The wine's low price has attracted some criticism. Critics have called it undrinkable and "sugar water." A wine shop owner once publicly accused the company that makes Charles Shaw wine, called Bronco Wine, of failing to remove dead birds, leaves, insects, and rodents from its grape harvests. Bronco Wine has denied the allegations.
Despite the criticism, the wine is wildly popular. It's one of the best-selling products ever sold at Trader Joe's, exceeding 800 million bottles since the wine debuted at $1.99 in 2002, according to CNBC.
So how does the company keep its prices so low, while still delivering a taste that people love? And is there really animal matter in the wine?
Here's what we found.
1. Bronco Wine has cheap real-estate costs. Most of the company's vineyards are located in California's San Joaquin Valley, where the cost of land is much cheaper than the more prestigious Sonoma or Napa Valley, according to George M. Taber, author of the book "A Toast to Bargain Wines: How Innovators, Iconoclasts, and Winemaking Revolutionaries Are Changing the Way the World Drinks."
Higher average temperatures in San Joaquin Valley can over-ripen grapes, which is a main contributor to the price difference between the regions.
2. The company ferments wine with oak chips, which are cheaper than barrels, according to Taber, who interviewed Bronco Wine owner Fred Franzia for his book.
Most fine wine is fermented in oak barrels. "Oak improves the taste of wine, but also the price tag," Taber writes. "Bronco continues aging wines in oak, but uses less expensive forms of it, for example chips rather than barrels. American oak is also less expensive than French."
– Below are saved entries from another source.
(* Let $k\geq 4$ and let $G$ be a $(P_1+P_5)$-free graph with a $P_k$-suitable pair $(u,v)$ such that $N(u)$ is an independent set. Then $G$ has a $P_k$-witness structure $\{W(p_1),\dots,W(p_k)\}$ with $W(p_1)=\{u\}$ and $W(p_k)=\{v\}$ such that $W(p_2)\setminus N(u)$ contains a set $S$ with $|S|\le 2$ for which $N(u)\cup S$ induces a connected subgraph of $G$.
   Context: Writing $P_k=p_1\cdots p_k$, a $P_k$-witness structure of $G$ is a partition $\{W(p_1),\dots,W(p_k)\}$ of $V(G)$ into nonempty sets, each inducing a connected subgraph, such that $W(p_i)$ and $W(p_j)$ are joined by an edge iff $|i-j|=1$. A pair of non-adjacent vertices $(u,v)$ is $P_k$-suitable if $G$ has such a witness structure with $W(p_1)=\{u\}$ and $W(p_k)=\{v\}$. A graph is $H$-free if it has no induced subgraph isomorphic to $H$; $+$ denotes disjoint union. *)

(* A simple graph is a symmetric irreflexive relation e on a finType T. *)
From mathcomp Require Import all_boot.
Set Implicit Arguments. Unset Strict Implicit. Unset Printing Implicit Defensive.

Section Graphs.
Variable T : finType.
Variable e : rel T.

Definition nbhd (u : T) : {set T} := [set x | e u x].

Definition induced_rel (A : {set T}) : rel T :=
  [rel x y | [&& e x y, x \in A & y \in A]].
Definition connected_set (A : {set T}) : Prop :=
  A != set0 /\ forall x y, x \in A -> y \in A -> connect (induced_rel A) x y.

Definition independent_set (A : {set T}) : Prop :=
  forall x y, x \in A -> y \in A -> ~~ e x y.

Definition set_adj (A B : {set T}) : bool :=
  [exists x in A, exists y in B, e x y].

(* P_k-witness structure, parts indexed by 1..k: W i = W(p_i) *)
Definition witness_structure (k : nat) (W : nat -> {set T}) : Prop :=
  [/\ (forall i, 1 <= i <= k -> W i != set0 /\ connected_set (W i)),
      (forall i j, 1 <= i <= k -> 1 <= j <= k -> i != j -> [disjoint W i & W j]),
      (forall x, exists2 i, 1 <= i <= k & x \in W i) &
      (forall i j, 1 <= i <= k -> 1 <= j <= k -> i != j ->
         (set_adj (W i) (W j) <-> (i == j.+1) || (j == i.+1)))].

Definition suitable_pair (k : nat) (u v : T) : Prop :=
  ~~ e u v /\
  exists W, [/\ witness_structure k W, W 1 = [set u] & W k = [set v]].

Definition contains_induced (n : nat) (h : rel 'I_n) : Prop :=
  exists f : 'I_n -> T, injective f /\ forall i j, e (f i) (f j) = h i j.

End Graphs.

(* P_1 + P_5 on vertex set {0,...,5}: 0 isolated, 1-2-3-4-5 a path *)
Definition P1P5 : rel 'I_6 :=
  fun i j => [&& 1 <= i, 1 <= j & (val i == (val j).+1) || (val j == (val i).+1)].

Definition H_free (T : finType) (e : rel T) (n : nat) (h : rel 'I_n) : Prop :=
  ~ contains_induced e h.

From mathcomp Require Import all_boot zify.

(* Every neighbour of u lies in W(p_2), and v is adjacent neither to u nor to
   any vertex of W(p_2); so v together with an induced P_5 inside
   {u} ∪ W(p_2) would be an induced P_1 + P_5.  Let X = W(p_2) \ N(u) and, for
   x ∈ X, let A(x) be the set of neighbours of u adjacent to x.  If some
   neighbour of u has no neighbour in X, connectivity of W(p_2) and
   independence of N(u) force N(u) to be a single vertex, and S = ∅.
   Otherwise the sets A(x) of non-adjacent x, y ∈ X are comparable (else
   y-a-u-b-x is an induced P_5), and if y, x ∈ X are adjacent with
   A(y) ⊄ A(x) then A(x) ∪ A(y) = N(u) (else c-u-b-y-x is one).  Take x ∈ X
   with |A(x)| maximal: either A(x) = N(u) and S = {x}, or some c ∉ A(x) has
   a neighbour y ∈ X, which maximality forces to be adjacent to x, and
   S = {x, y}. *)

Set Implicit Arguments.
Unset Strict Implicit.
Unset Printing Implicit Defensive.

Lemma P1P5_row_inj (i j : 'I_6) : P1P5 i =1 P1P5 j -> i = j.
Proof.
move=> H; apply: val_inj.
have := H (@Ordinal 6 1 isT); have := H (@Ordinal 6 2 isT);
have := H (@Ordinal 6 3 isT); have := H (@Ordinal 6 4 isT);
have := H (@Ordinal 6 5 isT).
clear H; by case: i => [[|[|[|[|[|[|i]]]]]] Hi] //=; case: j => [[|[|[|[|[|[|j]]]]]] Hj].
Qed.

Section Graph.
Variables (T : finType) (e : rel T).
Hypotheses (eS : symmetric e) (eI : irreflexive e).

Lemma no_induced_P1P5 v p1 p2 p3 p4 p5 :
  H_free e P1P5 ->
  e p1 p2 -> e p2 p3 -> e p3 p4 -> e p4 p5 ->
  ~~ e p1 p3 -> ~~ e p1 p4 -> ~~ e p1 p5 -> ~~ e p2 p4 -> ~~ e p2 p5 ->
  ~~ e p3 p5 ->
  ~~ e v p1 -> ~~ e v p2 -> ~~ e v p3 -> ~~ e v p4 -> ~~ e v p5 -> False.
Proof.
move=> Hf h12 h23 h34 h45 n13 n14 n15 n24 n25 n35 nv1 nv2 nv3 nv4 nv5.
pose f (i : 'I_6) := nth v [:: v; p1; p2; p3; p4; p5] i.
have adjE := (eI, h12, h23, h34, h45, negbTE n13, negbTE n14, negbTE n15,
  negbTE n24, negbTE n25, negbTE n35, negbTE nv1, negbTE nv2, negbTE nv3,
  negbTE nv4, negbTE nv5).
have fE i j : e (f i) (f j) = P1P5 i j.
  by case: i j => [[|[|[|[|[|[|i]]]]]] Hi] // [[|[|[|[|[|[|j]]]]]] Hj] //;
    rewrite /f /= ?adjE // eS ?adjE.
apply: Hf; exists f; split=> // i j fij.
by apply: P1P5_row_inj => l; rewrite -!fE fij.
Qed.

Lemma induced_rel_sym A : symmetric (induced_rel e A).
Proof. by move=> x y; rewrite /induced_rel /= eS; congr (_ && _); apply: andbC. Qed.

Lemma connected_set1 x : connected_set e [set x].
Proof.
split; first by apply/set0Pn; exists x; rewrite set11.
by move=> y z /set1P -> /set1P ->.
Qed.

Lemma connected_set2 x y : e x y -> connected_set e [set x; y].
Proof.
move=> exy; split; first by apply/set0Pn; exists x; rewrite set21.
have xy : induced_rel e [set x; y] x y by rewrite /induced_rel /= exy set21 set22.
have yx : induced_rel e [set x; y] y x by rewrite induced_rel_sym.
by move=> a b /set2P [] -> /set2P [] ->; rewrite ?connect0 ?connect1.
Qed.

Lemma connected_setU_dominated (N S : {set T}) :
  connected_set e S -> (forall a, a \in N -> exists2 s, s \in S & e a s) ->
  connected_set e (N :|: S).
Proof.
move=> [S0 connS] domN; split.
  by case/set0Pn: S0 => s sS; apply/set0Pn; exists s; rewrite inE sS orbT.
have liftS : subrel (connect (induced_rel e S)) (connect (induced_rel e (N :|: S))).
  apply: connect_sub => x y /and3P [exy xS yS].
  by apply: connect1; rewrite /induced_rel /= exy !inE xS yS !orbT.
have toS a : a \in N :|: S ->
    exists2 s, s \in S & connect (induced_rel e (N :|: S)) a s.
  case/setUP => [aN | aS]; last by exists a.
  have [s sS as_] := domN a aN; exists s => //.
  by apply: connect1; rewrite /induced_rel /= as_ !inE aN sS orbT.
move=> a b aNS bNS.
have [s sS as_] := toS a aNS; have [t tS bt] := toS b bNS.
apply: connect_trans as_ (connect_trans (liftS _ _ (connS s t sS tS)) _).
by rewrite (sym_connect_sym (@induced_rel_sym _)).
Qed.

Section Witness.
Variables (k : nat) (W : nat -> {set T}).
Hypothesis WS : witness_structure e k W.

Lemma witness_edge_index i j x y :
  1 <= i <= k -> 1 <= j <= k -> i != j -> x \in W i -> y \in W j -> e x y ->
  (i == j.+1) || (j == i.+1).
Proof.
case: WS => _ _ _ Hadj ik jk ij xi yj exy; apply/(Hadj i j ik jk ij).
by apply/existsP; exists x; rewrite xi; apply/existsP; exists y; rewrite yj.
Qed.

Lemma witness_far_nonadj i j x y :
  1 <= i -> j <= k -> i.+1 < j -> x \in W i -> y \in W j -> ~~ e x y.
Proof.
move=> i1 jk ij xi yj; apply/negP => exy.
have ik : 1 <= i <= k by lia.
have jk' : 1 <= j <= k by lia.
have neq_ij : i != j by lia.
by have /orP [] := witness_edge_index ik jk' neq_ij xi yj exy; lia.
Qed.

Lemma nbhd_sub_witness2 u : W 1 = [set u] -> nbhd e u \subset W 2.
Proof.
case: WS => _ _ Hcov _ W1; apply/subsetP => a; rewrite inE => ua.
have [i ik ai] := Hcov a.
have [i1|i1] := eqVneq i 1.
  by move: ai ua; rewrite i1 W1 => /set1P ->; rewrite eI.
have u1 : u \in W 1 by rewrite W1 set11.
have k1 : 1 <= 1 <= k by move: ik; lia.
have n1i : 1 != i by rewrite eq_sym.
case/orP: (witness_edge_index k1 ik n1i u1 ai ua) => /eqP i2; last by rewrite -i2.
by exfalso; lia.
Qed.

Lemma nbhd_neq0 u : 2 <= k -> W 1 = [set u] -> nbhd e u != set0.
Proof.
case: WS => _ _ _ Hadj k2 W1.
have k1 : 1 <= 1 <= k by lia.
have k2' : 1 <= 2 <= k by lia.
case/existsP: ((Hadj 1 2 k1 k2' isT).2 isT) => x /andP [].
rewrite W1 => /set1P -> /existsP [y /andP [_ uy]].
by apply/set0Pn; exists y; rewrite inE.
Qed.
End Witness.

Definition cnbhd x y := nbhd e x :&: nbhd e y.

Section NbhdConnectedExtension.
Variables (u v : T) (D : {set T}).
Hypotheses (Hf : H_free e P1P5) (indN : independent_set e (nbhd e u)).
Hypotheses (N0 : nbhd e u != set0) (ND : nbhd e u \subset D).
Hypotheses (connD : connected_set e D) (vu : ~~ e v u).
Hypothesis vD : forall w, w \in D -> ~~ e v w.

Local Notation N := (nbhd e u).
Local Notation X := (D :\: nbhd e u).

Lemma mem_outer_nbhd x : x \in X -> x \in D /\ ~~ e u x.
Proof. by case/setDP => xD; rewrite inE. Qed.

Lemma nbhd_nonadj_v a : a \in N -> ~~ e v a.
Proof. by move=> aN; apply/vD/(subsetP ND). Qed.

Lemma nbhd_eq_set1 a : a \in N -> (forall x, x \in X -> ~~ e a x) -> N = [set a].
Proof.
move=> aN noX; apply/setP => b; apply/idP/set1P => [bN | ->] //.
have [_ /(_ a b (subsetP ND a aN) (subsetP ND b bN))] := connD.
case/connectP => [[|w p]] /=; first by move=> _ ->.
case/andP => /and3P [aw _ wD] _ _.
have wX : w \in X.
  rewrite inE wD andbT; apply/negP => wN.
  by move: (indN aN wN); rewrite aw.
by move: (noX w wX); rewrite aw.
Qed.

Lemma cnbhd_comparable x y : x \in X -> y \in X -> ~~ e x y ->
  cnbhd u x \subset cnbhd u y \/ cnbhd u y \subset cnbhd u x.
Proof.
move=> xX yX nxy.
have [|/subsetPn [b bx nby]] := boolP (cnbhd u x \subset cnbhd u y); first by left.
right; apply/subsetP => a ay; apply/negPn/negP => nax.
move: bx ay nby nax; rewrite !inE => /andP [ub xb] /andP [ua ya].
rewrite ub ua /= => nyb nxa.
have [xD nux] := mem_outer_nbhd xX; have [yD nuy] := mem_outer_nbhd yX.
have aN : a \in N by rewrite inE.
have bN : b \in N by rewrite inE.
have au : e a u by rewrite eS.
have bx : e b x by rewrite eS.
have nyu : ~~ e y u by rewrite eS.
have nyx : ~~ e y x by rewrite eS.
have nax' : ~~ e a x by rewrite eS.
exact: (no_induced_P1P5 Hf ya au ub bx nyu nyb nyx (indN aN bN) nax' nux
  (vD yD) (nbhd_nonadj_v aN) vu (nbhd_nonadj_v bN) (vD xD)).
Qed.

Lemma cnbhd_cover y z : y \in X -> z \in X -> e y z ->
  ~~ (cnbhd u y \subset cnbhd u z) -> N \subset cnbhd u y :|: cnbhd u z.
Proof.
move=> yX zX yz /subsetPn [b yb nzb]; apply/subsetP => c cN.
move: (cN) yb nzb; rewrite !inE => uc /andP [ub yb]; rewrite uc ub /= => nzb.
apply/negPn/negP; rewrite negb_or => /andP [nyc nzc].
have [yD nuy] := mem_outer_nbhd yX; have [zD nuz] := mem_outer_nbhd zX.
have bN : b \in N by rewrite inE.
have cu : e c u by rewrite eS.
have by_ : e b y by rewrite eS.
have ncy : ~~ e c y by rewrite eS.
have ncz : ~~ e c z by rewrite eS.
have nbz : ~~ e b z by rewrite eS.
exact: (no_induced_P1P5 Hf cu ub by_ yz (indN cN bN) ncy ncz nuy nuz nbz
  (nbhd_nonadj_v cN) vu (nbhd_nonadj_v bN) (vD yD) (vD zD)).
Qed.

Lemma nbhd_connected_extension :
  exists S : {set T}, [/\ S \subset X, #|S| <= 2 & connected_set e (N :|: S)].
Proof.
have [/existsP [a /andP [aN /forall_inP noX]] | ] :=
    boolP [exists a in N, [forall x in X, ~~ e a x]].
  exists set0; rewrite sub0set cards0 setU0 (nbhd_eq_set1 aN noX).
  by split=> //; apply: connected_set1.
rewrite negb_exists_in => /forall_inP outer_nbr.
have {}outer_nbr a : a \in N -> exists2 x, x \in X & e a x.
  by move=> /outer_nbr; rewrite negb_forall_in => /exists_inP [x ? /negPn]; exists x.
have [x0 x0X _] := outer_nbr _ (xchooseP (set0Pn _ N0)).
have [x xX xmax] :
    exists2 x, x \in X & {in X, forall z, #|cnbhd u z| <= #|cnbhd u x|}.
  by case: (arg_maxnP (fun z => #|cnbhd u z|) x0X) => x; exists x.
have [Nx | /subsetPn [c cN ncx]] := boolP (N \subset cnbhd u x).
  exists [set x]; rewrite sub1set xX cards1; split=> //.
  apply: connected_setU_dominated (connected_set1 x) _ => a /(subsetP Nx).
  by rewrite !inE => /andP [_ xa]; exists x; rewrite ?set11 // eS.
have [y yX cy] := outer_nbr c cN.
have nyx : ~~ (cnbhd u y \subset cnbhd u x).
  by apply/subsetPn; exists c; rewrite // inE cN inE eS.
have xy : e x y.
  apply/negPn/negP => nxy.
  case: (cnbhd_comparable xX yX nxy) => [xy_sub | yx_sub]; last by rewrite yx_sub in nyx.
  have xy_proper : cnbhd u x \proper cnbhd u y by rewrite properE xy_sub.
  by move: (proper_card xy_proper); rewrite ltnNge xmax.
have cover := cnbhd_cover yX xX (etrans (eS y x) xy) nyx.
exists [set x; y]; split.
- by apply/subsetP => z /set2P [] ->.
- by rewrite cards2; case: (x != y).
apply: connected_setU_dominated (connected_set2 xy) _ => a aN.
case/setUP: (subsetP cover a aN); rewrite !inE => /andP [_ za].
  by exists y; rewrite ?set22 // eS.
by exists x; rewrite ?set21 // eS.
Qed.
End NbhdConnectedExtension.
End Graph.

Theorem lemma17 (T : finType) (e : rel T) (k : nat) (u v : T) :
  symmetric e -> irreflexive e ->
  4 <= k ->
  H_free e P1P5 ->
  suitable_pair e k u v ->
  independent_set e (nbhd e u) ->
  exists W : nat -> {set T},
    [/\ witness_structure e k W, W 1 = [set u], W k = [set v] &
      exists S : {set T},
        [/\ S \subset W 2 :\: nbhd e u, #|S| <= 2 &
            connected_set e (nbhd e u :|: S)]].
Proof.
move=> eS eI k4 Hf [nuv [W [WS W1 Wk]]] indN.
exists W; split=> //.
have vk : v \in W k by rewrite Wk set11.
have v_far w : w \in W 2 -> ~~ e v w.
  by move=> w2; rewrite eS; apply: (witness_far_nonadj WS _ (leqnn k) _ w2 vk) => //; lia.
have k2 : 1 < k by lia.
have connW2 : connected_set e (W 2) by case: WS => /(_ 2) [] //; lia.
have nvu : ~~ e v u by rewrite eS.
exact: (nbhd_connected_extension eS eI Hf indN (nbhd_neq0 WS k2 W1)
  (nbhd_sub_witness2 eI WS W1) connW2 nvu v_far).
Qed.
3. The company uses "one of the cheapest forms of natural cork," according to a 2012 report by KALW Public Radio.
It's a mold of cork pieces glued together with a "real cork veneer at the bottom," the report says.
Franzia believed a plastic cork would affect the taste of the wine and potentially cheapen customers' perception of Charles Shaw, so he used low-cost natural cork products instead.
4. Making wine in huge quantities keeps production costs low. Bronco makes an impressive 90 million gallons of wine a year, according to Taber.
"Little wineries need to get high prices in order to be able to make wine in small quantities" Ed Moody, Bronco's chief winemaker for more than 20 years, told Taber. "You make better wine in a 700,000-gallon tank than you can in a 700-gallon one because there is less exposure to air, and oxygen is the enemy in winemaking."
The company uses machines to harvest the grapes, which helps keep labor costs low, but also increases the chances that bad grapes end up in the wine, according to Keith Wallace, executive director of the Wine School of Philadelphia.
"Everything is automated," Wallace told Business Insider. Mass-produced wine typically has higher amounts of residual sugar and added grape concentrate to mask the taste of inferior grapes, he said.
Critics argue that mass production is also how animal matter can end up in your wine glass. But to be fair, there's a chance of that happening with most agricultural products.
"If you worry about things like that, you shouldn't eat anything; you shouldn't drink anything," Bronco owner Franzia told CNBC. "When the wine's fermenting, they're going to eliminate anything that's possibly there."
Here's one of the company's winemaking facilities.
5. Bronco cuts shipping costs by using lightweight bottles and cheap cartons. Bronco was a "pioneer" in using lightweight bottles, according to the KALW report.
The lighter glass reduces the weight of a case of wine by several pounds, meaning Bronco can ship more wine at a time.
Bronco also lowered the cost of its shipping cartons by a few pennies by replacing the white paper it was using with a light brown paper, Taber writes.